Collected data entries
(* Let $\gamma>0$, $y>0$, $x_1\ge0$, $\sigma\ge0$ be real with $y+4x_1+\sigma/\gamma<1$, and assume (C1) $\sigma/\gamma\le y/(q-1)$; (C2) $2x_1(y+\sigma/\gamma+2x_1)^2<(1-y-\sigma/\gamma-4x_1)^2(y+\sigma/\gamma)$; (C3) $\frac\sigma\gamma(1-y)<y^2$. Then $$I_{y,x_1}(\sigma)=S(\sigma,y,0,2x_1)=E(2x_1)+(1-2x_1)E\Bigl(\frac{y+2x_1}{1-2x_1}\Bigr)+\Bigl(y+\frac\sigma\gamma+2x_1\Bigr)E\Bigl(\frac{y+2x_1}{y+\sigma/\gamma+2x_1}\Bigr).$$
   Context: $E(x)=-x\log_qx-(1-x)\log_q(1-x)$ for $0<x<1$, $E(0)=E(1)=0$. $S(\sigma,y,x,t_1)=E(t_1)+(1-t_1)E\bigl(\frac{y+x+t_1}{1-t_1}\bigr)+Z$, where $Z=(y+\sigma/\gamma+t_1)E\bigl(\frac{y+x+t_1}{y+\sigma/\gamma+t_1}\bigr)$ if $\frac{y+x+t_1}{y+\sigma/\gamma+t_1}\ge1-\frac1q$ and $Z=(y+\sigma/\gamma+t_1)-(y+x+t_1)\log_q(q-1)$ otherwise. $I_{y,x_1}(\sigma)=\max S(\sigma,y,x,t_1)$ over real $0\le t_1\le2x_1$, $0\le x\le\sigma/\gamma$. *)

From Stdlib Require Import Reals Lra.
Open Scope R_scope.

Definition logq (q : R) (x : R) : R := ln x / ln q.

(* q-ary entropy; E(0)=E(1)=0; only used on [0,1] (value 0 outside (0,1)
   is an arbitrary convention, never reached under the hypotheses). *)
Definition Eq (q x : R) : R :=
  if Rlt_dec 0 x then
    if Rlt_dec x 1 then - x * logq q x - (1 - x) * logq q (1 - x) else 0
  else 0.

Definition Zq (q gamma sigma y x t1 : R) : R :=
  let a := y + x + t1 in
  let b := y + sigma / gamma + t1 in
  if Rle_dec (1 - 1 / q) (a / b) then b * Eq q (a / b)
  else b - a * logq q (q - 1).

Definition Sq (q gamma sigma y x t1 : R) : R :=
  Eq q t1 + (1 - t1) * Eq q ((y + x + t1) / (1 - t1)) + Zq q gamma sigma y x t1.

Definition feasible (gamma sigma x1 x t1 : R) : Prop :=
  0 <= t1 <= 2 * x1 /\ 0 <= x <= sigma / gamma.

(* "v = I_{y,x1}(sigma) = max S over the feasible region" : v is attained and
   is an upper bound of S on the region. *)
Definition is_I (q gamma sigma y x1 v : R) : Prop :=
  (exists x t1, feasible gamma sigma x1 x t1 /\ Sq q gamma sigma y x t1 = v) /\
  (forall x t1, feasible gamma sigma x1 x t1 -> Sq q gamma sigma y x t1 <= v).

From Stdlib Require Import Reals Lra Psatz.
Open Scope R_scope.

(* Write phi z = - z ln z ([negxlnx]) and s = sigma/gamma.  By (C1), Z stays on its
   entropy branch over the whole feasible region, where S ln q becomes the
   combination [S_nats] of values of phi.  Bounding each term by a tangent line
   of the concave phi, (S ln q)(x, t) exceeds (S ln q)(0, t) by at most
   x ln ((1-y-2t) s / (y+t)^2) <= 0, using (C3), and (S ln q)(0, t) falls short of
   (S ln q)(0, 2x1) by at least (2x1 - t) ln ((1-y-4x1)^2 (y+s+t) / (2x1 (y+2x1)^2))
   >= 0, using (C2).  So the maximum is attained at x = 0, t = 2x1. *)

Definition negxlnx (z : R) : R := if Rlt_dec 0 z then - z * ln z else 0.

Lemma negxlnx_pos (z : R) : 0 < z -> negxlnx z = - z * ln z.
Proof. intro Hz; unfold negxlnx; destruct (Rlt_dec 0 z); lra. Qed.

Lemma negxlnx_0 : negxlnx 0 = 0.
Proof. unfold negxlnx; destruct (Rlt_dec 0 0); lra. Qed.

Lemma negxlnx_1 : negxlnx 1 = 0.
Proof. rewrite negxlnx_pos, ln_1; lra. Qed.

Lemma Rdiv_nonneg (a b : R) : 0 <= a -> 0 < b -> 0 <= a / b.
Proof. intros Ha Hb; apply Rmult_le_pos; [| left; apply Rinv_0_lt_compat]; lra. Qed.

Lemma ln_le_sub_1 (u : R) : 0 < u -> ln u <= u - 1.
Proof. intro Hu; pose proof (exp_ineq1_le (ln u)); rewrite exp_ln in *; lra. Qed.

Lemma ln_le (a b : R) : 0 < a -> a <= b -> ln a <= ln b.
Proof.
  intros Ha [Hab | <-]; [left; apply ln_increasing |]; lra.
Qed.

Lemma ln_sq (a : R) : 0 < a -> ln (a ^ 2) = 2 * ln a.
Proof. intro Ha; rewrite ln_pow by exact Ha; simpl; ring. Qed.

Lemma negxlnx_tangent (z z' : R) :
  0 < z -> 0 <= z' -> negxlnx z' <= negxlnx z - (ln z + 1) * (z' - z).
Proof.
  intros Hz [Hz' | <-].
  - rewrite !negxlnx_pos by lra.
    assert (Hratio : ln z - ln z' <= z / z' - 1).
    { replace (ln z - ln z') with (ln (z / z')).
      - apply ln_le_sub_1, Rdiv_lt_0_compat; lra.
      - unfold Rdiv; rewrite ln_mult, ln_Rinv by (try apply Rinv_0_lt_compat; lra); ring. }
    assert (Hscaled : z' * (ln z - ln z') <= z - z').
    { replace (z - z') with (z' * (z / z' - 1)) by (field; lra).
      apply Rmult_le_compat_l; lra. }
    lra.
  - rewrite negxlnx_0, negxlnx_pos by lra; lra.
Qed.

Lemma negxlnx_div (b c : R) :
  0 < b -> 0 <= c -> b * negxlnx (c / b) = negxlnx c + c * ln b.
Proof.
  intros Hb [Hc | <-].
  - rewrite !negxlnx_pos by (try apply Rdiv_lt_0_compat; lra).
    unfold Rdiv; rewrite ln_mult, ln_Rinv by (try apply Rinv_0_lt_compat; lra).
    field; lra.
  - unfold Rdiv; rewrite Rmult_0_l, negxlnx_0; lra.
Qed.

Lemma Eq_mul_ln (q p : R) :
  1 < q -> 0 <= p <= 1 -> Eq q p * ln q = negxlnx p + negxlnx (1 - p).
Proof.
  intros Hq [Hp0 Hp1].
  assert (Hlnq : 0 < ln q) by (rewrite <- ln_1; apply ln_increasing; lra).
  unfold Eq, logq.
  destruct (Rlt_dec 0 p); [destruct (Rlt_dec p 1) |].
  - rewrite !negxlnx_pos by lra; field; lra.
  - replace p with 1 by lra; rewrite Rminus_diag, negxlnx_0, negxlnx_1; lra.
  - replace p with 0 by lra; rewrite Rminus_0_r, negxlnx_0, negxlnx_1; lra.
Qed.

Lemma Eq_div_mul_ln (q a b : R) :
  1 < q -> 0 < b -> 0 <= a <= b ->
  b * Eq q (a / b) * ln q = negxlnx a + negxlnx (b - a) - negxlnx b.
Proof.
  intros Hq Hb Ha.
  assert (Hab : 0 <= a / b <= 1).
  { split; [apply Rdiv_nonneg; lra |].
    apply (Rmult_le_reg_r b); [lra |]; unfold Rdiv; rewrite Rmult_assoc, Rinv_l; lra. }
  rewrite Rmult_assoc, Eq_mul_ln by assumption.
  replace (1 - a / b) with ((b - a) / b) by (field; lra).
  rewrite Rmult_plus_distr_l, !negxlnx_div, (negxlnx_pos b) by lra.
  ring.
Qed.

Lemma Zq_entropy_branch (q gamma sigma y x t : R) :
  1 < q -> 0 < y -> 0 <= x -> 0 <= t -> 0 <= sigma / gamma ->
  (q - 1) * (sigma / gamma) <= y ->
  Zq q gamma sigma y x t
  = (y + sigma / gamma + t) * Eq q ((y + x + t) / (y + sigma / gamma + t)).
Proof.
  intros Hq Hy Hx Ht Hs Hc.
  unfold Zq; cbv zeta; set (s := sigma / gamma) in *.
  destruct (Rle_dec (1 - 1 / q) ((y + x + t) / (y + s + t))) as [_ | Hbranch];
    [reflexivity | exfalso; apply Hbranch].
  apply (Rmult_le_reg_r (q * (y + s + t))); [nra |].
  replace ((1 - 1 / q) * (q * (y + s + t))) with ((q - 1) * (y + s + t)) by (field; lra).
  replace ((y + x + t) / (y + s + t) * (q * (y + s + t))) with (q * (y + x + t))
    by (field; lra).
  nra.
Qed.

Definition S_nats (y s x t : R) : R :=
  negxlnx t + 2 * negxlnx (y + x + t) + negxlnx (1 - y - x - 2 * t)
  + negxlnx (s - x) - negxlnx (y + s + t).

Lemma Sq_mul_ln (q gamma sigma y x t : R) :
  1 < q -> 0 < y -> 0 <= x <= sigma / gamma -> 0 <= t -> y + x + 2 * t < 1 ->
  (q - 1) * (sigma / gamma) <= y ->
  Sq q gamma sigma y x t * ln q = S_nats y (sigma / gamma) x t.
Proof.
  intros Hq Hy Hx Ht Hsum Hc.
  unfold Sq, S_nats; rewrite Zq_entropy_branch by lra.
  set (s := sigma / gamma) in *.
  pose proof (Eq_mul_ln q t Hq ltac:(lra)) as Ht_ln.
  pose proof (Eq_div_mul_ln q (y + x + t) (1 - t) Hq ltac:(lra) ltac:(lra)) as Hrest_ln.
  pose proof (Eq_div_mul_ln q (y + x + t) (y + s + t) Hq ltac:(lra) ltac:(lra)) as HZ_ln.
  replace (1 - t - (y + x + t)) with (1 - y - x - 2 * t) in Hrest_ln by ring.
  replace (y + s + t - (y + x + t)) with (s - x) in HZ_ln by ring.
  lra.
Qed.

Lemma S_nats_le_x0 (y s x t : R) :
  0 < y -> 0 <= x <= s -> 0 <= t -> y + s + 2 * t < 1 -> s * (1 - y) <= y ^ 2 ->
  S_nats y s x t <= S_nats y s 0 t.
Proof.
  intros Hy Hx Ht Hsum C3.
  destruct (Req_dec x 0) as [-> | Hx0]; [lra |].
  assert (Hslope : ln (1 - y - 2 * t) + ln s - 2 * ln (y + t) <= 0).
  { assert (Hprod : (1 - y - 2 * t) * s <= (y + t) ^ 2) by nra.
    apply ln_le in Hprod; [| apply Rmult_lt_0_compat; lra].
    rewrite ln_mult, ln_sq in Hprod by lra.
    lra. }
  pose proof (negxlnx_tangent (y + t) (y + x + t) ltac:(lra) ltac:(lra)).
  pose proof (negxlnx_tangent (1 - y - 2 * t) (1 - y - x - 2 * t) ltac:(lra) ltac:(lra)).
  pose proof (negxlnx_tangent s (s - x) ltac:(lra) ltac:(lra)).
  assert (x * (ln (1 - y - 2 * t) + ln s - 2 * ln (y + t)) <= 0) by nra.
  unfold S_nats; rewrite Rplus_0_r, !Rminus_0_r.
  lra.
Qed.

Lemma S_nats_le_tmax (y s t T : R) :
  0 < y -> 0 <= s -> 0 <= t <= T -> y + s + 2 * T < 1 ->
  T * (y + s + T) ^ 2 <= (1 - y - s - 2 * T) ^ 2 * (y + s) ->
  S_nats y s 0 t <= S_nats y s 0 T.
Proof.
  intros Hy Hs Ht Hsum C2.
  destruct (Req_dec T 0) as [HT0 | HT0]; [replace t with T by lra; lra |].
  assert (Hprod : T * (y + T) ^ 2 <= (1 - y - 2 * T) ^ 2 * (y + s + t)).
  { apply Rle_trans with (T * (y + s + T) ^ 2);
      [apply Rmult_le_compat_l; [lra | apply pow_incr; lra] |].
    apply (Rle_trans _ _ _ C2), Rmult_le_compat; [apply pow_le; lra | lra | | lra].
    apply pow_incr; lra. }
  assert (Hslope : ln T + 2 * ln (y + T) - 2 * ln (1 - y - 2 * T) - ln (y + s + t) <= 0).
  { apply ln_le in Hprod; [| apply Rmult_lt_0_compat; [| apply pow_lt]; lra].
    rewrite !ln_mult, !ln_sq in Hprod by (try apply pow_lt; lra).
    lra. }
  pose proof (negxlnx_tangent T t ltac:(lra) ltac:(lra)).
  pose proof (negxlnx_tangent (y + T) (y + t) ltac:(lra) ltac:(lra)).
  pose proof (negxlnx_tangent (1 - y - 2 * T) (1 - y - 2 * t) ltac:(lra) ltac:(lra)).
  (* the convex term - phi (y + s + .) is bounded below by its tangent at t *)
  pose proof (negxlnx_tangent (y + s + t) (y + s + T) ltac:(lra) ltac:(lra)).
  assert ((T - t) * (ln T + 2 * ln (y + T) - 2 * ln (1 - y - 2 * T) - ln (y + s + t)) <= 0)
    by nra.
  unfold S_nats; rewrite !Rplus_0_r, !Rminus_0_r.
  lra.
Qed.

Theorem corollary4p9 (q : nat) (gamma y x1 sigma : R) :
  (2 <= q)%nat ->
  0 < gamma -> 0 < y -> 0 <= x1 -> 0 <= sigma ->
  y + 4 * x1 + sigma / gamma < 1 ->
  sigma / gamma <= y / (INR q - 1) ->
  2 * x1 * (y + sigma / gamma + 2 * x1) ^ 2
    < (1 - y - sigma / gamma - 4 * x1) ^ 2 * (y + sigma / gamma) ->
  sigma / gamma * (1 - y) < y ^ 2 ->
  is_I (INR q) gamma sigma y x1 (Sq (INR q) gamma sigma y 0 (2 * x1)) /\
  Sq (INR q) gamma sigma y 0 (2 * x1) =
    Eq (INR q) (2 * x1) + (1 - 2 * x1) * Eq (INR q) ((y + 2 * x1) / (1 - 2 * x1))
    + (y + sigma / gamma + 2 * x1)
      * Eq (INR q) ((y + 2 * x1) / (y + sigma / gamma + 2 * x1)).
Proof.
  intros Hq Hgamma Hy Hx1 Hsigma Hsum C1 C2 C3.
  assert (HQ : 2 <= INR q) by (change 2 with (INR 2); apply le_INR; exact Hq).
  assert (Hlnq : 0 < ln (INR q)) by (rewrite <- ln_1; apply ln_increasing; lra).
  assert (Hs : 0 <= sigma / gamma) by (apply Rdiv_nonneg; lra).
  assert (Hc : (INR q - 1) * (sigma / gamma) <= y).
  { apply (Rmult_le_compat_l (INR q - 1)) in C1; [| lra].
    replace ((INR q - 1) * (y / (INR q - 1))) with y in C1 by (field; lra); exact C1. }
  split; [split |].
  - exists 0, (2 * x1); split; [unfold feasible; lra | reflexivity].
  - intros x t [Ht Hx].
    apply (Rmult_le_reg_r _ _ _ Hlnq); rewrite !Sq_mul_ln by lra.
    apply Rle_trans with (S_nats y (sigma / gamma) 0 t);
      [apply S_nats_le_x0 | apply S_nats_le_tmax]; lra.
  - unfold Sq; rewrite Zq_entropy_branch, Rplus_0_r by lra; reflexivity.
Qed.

> **TO DO**
Look through the records and copy every line that has the word "Stdlib".

> **EXERCISE OUTPUT**
From Stdlib Require Import Reals Lra.
From Stdlib Require Import Reals Lra Psatz.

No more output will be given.